Dataset excerpts:
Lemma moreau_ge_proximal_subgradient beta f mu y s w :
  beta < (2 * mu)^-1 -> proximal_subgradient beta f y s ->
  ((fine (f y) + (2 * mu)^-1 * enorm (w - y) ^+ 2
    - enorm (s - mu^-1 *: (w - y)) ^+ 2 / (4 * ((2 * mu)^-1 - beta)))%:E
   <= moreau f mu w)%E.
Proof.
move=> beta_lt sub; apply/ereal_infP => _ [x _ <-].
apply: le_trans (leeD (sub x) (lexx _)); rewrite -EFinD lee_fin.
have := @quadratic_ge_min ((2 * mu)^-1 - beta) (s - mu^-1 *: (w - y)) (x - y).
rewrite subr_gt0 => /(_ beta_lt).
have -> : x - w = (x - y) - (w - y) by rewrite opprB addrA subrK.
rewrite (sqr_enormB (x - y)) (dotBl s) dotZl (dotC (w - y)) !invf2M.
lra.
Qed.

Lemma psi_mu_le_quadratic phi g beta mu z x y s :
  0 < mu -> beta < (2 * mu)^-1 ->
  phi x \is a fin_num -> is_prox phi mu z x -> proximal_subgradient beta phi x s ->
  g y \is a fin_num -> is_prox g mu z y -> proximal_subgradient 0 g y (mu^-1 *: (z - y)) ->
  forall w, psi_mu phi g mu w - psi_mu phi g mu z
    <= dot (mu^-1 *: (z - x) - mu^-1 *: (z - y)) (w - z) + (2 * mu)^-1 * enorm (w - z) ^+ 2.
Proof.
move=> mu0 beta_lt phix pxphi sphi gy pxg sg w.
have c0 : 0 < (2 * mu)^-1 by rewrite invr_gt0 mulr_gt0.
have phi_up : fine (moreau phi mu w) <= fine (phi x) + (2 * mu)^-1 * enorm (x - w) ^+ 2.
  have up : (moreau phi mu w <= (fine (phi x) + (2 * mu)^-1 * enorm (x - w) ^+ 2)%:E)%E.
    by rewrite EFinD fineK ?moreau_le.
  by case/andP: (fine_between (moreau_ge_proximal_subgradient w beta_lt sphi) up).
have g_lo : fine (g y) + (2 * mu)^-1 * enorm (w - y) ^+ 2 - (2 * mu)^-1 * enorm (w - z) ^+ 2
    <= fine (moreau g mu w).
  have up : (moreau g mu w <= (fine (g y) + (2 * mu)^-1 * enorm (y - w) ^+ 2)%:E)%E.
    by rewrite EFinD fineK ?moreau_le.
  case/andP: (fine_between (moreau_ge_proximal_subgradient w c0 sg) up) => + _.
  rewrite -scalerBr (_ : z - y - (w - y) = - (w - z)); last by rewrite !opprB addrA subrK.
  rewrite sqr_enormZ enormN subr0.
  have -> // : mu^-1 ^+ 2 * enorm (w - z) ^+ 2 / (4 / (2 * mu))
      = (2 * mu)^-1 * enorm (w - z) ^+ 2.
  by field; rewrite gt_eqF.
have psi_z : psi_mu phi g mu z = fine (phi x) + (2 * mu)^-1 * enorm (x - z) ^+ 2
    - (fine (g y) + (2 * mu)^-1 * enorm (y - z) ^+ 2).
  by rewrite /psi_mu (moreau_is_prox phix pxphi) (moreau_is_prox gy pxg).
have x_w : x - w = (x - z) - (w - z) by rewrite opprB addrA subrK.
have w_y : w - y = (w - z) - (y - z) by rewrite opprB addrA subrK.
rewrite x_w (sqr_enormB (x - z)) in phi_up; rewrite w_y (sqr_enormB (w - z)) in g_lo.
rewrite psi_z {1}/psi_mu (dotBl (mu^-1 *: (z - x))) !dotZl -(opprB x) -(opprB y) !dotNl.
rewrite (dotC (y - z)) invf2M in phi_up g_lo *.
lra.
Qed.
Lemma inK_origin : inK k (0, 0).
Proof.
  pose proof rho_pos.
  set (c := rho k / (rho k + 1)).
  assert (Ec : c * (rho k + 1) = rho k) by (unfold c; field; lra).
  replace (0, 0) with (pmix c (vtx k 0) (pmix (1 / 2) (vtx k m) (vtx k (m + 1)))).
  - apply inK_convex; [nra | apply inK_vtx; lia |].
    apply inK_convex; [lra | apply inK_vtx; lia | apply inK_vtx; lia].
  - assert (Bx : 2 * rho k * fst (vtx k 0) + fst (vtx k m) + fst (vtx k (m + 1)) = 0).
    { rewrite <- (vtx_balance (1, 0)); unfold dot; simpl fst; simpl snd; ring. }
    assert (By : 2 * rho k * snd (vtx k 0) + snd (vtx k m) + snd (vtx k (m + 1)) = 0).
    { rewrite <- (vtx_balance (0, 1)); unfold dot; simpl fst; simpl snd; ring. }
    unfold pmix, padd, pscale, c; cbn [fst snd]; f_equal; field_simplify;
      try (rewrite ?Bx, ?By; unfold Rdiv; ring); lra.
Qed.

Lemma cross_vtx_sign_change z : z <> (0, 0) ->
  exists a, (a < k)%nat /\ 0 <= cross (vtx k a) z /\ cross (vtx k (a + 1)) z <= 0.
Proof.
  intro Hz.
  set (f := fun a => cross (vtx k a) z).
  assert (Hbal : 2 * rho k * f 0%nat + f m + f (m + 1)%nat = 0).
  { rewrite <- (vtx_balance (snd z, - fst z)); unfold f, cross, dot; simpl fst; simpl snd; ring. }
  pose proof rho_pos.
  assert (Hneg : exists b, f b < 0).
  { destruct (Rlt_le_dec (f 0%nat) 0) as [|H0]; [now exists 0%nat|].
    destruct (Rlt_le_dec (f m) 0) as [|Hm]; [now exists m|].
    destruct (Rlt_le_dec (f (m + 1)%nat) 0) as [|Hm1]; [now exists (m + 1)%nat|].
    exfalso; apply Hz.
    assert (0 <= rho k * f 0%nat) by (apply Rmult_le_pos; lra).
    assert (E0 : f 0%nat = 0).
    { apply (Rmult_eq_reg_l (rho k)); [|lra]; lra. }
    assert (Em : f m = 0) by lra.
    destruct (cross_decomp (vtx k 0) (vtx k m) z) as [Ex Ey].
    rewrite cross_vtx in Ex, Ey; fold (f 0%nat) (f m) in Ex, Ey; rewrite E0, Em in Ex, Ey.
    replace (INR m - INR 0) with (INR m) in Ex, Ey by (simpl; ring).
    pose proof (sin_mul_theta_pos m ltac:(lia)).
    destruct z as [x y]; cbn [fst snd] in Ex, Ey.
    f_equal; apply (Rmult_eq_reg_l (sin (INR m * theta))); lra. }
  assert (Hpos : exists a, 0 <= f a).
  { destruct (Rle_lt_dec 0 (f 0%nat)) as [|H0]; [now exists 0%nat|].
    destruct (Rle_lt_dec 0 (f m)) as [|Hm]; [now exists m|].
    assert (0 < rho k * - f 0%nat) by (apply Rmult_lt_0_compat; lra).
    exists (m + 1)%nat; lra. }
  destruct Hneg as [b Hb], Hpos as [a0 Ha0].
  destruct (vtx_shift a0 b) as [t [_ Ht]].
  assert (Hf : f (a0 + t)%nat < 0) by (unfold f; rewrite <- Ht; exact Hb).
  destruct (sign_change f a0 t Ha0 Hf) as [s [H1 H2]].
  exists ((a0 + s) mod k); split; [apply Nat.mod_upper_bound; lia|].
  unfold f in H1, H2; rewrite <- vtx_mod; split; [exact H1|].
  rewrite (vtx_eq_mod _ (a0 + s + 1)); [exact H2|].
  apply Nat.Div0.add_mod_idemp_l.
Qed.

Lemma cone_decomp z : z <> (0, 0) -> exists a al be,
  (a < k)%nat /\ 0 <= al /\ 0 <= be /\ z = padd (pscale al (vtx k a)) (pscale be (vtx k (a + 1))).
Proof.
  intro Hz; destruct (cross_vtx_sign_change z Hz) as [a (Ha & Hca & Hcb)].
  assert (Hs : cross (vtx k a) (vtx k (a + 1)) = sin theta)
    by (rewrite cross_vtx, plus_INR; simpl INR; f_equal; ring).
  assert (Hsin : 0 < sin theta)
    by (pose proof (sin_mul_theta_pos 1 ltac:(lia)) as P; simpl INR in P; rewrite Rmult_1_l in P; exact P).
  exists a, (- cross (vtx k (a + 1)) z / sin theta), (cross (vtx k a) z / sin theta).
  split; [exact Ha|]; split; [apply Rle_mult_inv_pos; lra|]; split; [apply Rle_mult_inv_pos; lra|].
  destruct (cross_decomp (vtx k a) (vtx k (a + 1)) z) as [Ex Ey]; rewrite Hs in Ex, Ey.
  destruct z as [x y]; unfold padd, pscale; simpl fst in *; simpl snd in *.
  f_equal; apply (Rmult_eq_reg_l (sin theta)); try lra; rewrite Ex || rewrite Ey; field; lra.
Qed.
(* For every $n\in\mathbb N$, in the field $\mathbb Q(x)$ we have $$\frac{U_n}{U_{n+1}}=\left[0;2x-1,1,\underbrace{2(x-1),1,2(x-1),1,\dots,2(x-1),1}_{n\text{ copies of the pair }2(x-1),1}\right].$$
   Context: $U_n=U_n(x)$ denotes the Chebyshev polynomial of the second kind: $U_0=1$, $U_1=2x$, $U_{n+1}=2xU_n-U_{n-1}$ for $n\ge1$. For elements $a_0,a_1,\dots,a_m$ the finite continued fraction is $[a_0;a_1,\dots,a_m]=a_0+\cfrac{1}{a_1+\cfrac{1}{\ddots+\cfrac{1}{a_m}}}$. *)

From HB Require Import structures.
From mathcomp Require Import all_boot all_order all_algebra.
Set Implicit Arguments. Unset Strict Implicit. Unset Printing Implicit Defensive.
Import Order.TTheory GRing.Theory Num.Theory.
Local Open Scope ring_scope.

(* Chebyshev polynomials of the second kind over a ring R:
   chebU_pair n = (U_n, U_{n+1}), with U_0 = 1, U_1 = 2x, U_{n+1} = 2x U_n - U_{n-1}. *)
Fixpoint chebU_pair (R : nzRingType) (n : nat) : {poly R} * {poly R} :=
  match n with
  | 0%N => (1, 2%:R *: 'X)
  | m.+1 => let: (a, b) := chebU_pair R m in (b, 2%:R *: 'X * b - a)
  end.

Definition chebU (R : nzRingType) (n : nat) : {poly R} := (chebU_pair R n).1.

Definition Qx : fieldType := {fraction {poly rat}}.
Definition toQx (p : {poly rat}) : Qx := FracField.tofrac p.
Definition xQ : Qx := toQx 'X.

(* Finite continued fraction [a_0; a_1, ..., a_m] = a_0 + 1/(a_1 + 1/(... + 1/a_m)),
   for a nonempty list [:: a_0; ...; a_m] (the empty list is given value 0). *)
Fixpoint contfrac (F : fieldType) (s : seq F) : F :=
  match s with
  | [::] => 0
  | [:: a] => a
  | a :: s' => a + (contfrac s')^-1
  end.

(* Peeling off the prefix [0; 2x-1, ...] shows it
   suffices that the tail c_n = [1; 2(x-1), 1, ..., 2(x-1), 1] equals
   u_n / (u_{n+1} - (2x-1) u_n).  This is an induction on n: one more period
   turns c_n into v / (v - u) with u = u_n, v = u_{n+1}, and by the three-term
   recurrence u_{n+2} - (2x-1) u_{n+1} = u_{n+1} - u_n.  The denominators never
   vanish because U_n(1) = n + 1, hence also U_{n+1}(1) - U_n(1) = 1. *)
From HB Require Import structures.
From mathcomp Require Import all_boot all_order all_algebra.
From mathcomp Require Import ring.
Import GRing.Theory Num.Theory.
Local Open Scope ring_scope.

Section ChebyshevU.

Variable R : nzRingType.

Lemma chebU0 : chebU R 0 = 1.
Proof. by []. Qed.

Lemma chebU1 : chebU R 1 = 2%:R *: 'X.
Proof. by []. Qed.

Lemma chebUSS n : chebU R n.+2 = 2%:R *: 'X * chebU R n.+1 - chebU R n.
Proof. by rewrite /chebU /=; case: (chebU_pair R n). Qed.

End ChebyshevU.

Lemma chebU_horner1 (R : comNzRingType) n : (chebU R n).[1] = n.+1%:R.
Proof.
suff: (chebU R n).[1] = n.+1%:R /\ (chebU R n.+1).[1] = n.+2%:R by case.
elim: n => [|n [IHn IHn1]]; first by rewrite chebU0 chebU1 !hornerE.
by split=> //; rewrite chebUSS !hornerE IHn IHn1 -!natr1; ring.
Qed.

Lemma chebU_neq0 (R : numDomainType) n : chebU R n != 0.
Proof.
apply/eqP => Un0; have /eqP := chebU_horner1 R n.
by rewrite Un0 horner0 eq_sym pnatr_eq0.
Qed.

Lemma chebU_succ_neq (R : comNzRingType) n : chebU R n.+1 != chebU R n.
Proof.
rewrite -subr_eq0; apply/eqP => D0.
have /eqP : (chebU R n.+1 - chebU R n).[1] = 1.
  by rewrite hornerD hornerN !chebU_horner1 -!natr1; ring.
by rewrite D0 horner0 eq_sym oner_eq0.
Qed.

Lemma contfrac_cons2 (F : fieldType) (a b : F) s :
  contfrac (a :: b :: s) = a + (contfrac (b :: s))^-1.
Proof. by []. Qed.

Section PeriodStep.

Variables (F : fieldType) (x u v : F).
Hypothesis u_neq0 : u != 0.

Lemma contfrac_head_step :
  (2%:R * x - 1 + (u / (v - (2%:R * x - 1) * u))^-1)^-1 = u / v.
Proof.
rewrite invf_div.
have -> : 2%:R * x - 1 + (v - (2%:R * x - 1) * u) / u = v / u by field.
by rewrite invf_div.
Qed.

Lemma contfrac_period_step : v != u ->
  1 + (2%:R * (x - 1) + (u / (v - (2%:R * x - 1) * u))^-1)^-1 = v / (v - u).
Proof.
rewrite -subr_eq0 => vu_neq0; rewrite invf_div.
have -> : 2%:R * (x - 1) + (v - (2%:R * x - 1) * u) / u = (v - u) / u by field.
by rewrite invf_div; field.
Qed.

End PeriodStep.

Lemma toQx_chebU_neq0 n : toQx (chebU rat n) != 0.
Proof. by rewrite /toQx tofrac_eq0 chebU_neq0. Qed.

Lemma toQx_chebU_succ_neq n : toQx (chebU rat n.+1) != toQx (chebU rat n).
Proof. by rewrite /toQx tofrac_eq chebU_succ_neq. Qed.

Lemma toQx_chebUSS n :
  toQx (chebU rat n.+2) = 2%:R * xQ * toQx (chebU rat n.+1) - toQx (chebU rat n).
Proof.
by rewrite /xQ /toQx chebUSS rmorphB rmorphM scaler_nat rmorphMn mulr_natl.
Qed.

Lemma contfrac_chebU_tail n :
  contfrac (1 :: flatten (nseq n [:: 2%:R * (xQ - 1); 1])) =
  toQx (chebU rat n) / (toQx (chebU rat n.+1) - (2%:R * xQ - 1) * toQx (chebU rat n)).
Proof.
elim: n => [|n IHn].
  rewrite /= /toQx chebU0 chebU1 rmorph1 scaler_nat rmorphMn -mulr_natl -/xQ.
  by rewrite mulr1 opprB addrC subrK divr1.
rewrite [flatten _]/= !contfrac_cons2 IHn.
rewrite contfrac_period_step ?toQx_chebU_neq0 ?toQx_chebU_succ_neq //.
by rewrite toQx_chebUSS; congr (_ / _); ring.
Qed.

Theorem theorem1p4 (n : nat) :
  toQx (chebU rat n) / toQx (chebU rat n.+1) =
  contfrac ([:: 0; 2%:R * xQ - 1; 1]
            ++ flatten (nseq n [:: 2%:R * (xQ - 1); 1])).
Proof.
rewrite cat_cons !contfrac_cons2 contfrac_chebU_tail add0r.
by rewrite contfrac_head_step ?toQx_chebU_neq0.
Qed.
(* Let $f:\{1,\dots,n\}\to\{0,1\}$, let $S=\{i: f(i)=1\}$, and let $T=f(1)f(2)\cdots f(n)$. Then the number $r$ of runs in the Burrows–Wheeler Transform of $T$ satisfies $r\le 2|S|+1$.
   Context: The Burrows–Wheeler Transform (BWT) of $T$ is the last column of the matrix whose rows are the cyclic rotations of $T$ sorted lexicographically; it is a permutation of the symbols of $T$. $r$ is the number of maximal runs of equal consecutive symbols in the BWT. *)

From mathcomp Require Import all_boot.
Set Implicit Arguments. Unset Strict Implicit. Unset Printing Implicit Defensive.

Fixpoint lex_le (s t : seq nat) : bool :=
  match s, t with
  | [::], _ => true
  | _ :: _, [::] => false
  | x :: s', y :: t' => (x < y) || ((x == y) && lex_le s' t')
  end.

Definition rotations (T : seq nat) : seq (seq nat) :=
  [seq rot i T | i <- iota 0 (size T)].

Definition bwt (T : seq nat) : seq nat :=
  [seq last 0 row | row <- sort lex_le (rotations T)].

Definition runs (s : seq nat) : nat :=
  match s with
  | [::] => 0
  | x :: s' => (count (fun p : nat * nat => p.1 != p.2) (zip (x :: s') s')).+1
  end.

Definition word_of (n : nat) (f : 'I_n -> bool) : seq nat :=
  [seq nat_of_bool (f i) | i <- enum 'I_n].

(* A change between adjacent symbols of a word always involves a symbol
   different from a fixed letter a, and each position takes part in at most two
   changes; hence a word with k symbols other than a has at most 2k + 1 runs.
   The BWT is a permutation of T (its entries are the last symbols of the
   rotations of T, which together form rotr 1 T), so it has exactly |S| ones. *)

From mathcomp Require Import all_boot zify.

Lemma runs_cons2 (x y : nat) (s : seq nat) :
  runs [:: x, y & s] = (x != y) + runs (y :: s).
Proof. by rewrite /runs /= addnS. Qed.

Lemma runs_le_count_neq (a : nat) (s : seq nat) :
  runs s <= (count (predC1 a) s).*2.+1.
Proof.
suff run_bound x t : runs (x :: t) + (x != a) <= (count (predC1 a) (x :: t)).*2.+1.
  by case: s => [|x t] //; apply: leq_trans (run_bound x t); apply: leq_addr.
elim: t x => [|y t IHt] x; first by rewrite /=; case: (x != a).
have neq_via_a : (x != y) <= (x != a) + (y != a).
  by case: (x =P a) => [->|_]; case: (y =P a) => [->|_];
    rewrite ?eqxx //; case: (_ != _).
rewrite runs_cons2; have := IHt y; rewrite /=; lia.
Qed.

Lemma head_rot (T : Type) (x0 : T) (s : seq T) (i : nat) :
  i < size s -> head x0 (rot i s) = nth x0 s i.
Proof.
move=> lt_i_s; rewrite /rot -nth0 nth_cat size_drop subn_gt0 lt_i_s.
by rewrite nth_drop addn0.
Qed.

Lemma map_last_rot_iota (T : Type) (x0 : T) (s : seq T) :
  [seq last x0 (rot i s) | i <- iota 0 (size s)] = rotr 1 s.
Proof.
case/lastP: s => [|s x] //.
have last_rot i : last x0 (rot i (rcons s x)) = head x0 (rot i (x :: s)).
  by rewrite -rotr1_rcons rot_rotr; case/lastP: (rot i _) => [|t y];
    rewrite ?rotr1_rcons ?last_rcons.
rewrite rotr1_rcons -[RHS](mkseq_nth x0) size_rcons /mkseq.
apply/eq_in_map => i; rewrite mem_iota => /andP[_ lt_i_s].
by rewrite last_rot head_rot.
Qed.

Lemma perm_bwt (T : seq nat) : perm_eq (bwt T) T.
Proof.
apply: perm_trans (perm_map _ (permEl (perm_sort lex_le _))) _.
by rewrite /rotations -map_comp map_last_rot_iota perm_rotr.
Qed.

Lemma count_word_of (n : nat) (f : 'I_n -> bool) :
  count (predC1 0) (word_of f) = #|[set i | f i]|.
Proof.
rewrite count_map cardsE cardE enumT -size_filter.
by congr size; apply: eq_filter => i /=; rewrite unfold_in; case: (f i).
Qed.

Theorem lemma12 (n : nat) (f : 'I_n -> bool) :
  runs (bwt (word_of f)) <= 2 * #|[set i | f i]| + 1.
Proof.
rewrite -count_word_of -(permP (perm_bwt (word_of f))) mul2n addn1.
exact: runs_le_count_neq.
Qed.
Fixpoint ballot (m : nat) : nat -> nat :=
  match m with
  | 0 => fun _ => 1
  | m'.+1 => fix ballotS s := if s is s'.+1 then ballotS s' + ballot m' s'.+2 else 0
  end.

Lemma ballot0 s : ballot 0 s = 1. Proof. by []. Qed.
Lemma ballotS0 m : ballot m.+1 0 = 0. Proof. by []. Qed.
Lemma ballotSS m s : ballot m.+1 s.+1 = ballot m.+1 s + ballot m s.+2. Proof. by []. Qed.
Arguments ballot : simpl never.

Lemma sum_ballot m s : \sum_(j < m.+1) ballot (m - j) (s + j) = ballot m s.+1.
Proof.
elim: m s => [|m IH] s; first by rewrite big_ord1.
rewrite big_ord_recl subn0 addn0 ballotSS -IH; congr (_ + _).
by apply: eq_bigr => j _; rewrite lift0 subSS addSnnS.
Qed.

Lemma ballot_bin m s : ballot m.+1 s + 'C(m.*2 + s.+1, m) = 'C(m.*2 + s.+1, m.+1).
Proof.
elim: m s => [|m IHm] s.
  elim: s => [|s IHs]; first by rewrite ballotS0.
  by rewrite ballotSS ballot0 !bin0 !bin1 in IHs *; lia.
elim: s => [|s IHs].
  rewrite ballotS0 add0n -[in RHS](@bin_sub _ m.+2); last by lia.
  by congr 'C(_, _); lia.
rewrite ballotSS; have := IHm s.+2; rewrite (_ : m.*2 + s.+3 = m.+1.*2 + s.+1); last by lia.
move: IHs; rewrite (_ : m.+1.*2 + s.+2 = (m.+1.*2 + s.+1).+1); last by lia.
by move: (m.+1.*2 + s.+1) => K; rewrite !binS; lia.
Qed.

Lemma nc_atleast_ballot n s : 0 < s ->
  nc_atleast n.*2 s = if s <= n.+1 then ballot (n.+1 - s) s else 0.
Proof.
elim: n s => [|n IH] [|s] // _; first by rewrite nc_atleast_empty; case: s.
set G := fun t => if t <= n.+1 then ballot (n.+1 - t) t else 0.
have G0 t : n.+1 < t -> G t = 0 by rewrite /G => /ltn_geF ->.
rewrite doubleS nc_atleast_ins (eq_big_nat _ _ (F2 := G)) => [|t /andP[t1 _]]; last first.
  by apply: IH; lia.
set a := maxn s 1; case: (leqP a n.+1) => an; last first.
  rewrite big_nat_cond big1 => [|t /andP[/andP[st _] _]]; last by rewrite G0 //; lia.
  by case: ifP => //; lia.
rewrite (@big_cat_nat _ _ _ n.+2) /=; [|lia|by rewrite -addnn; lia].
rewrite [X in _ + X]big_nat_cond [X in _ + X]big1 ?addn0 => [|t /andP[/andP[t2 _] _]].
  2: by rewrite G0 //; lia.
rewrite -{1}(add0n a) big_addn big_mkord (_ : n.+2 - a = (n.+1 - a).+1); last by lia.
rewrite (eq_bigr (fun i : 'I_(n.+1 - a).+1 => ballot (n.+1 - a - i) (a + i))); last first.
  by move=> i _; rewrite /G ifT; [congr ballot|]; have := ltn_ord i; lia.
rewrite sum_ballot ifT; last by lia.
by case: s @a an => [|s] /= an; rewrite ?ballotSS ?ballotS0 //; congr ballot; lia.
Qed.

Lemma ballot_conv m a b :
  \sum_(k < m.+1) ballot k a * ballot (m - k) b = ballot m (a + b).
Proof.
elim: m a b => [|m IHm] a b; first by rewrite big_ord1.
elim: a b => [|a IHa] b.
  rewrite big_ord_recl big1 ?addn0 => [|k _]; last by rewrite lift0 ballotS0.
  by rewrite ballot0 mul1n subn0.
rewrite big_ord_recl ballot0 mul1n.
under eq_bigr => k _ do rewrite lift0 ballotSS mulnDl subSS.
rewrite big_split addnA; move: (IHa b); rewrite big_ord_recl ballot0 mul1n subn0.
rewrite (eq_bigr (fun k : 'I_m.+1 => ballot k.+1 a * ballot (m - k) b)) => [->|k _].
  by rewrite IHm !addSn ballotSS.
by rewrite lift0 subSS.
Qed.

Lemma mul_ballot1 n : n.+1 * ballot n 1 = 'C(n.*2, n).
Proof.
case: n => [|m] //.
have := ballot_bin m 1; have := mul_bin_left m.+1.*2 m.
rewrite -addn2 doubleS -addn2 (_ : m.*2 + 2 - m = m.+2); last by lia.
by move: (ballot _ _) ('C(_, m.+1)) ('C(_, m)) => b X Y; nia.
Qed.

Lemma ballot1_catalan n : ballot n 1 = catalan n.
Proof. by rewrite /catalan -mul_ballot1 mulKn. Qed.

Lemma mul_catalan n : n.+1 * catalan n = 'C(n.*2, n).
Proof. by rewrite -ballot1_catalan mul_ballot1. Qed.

What you are asked to do: Whenever a line above contains "hornerE", copy that line.

Solution for this exercise:
elim: n => [|n [IHn IHn1]]; first by rewrite chebU0 chebU1 !hornerE.
by split=> //; rewrite chebUSS !hornerE IHn IHn1 -!natr1; ring.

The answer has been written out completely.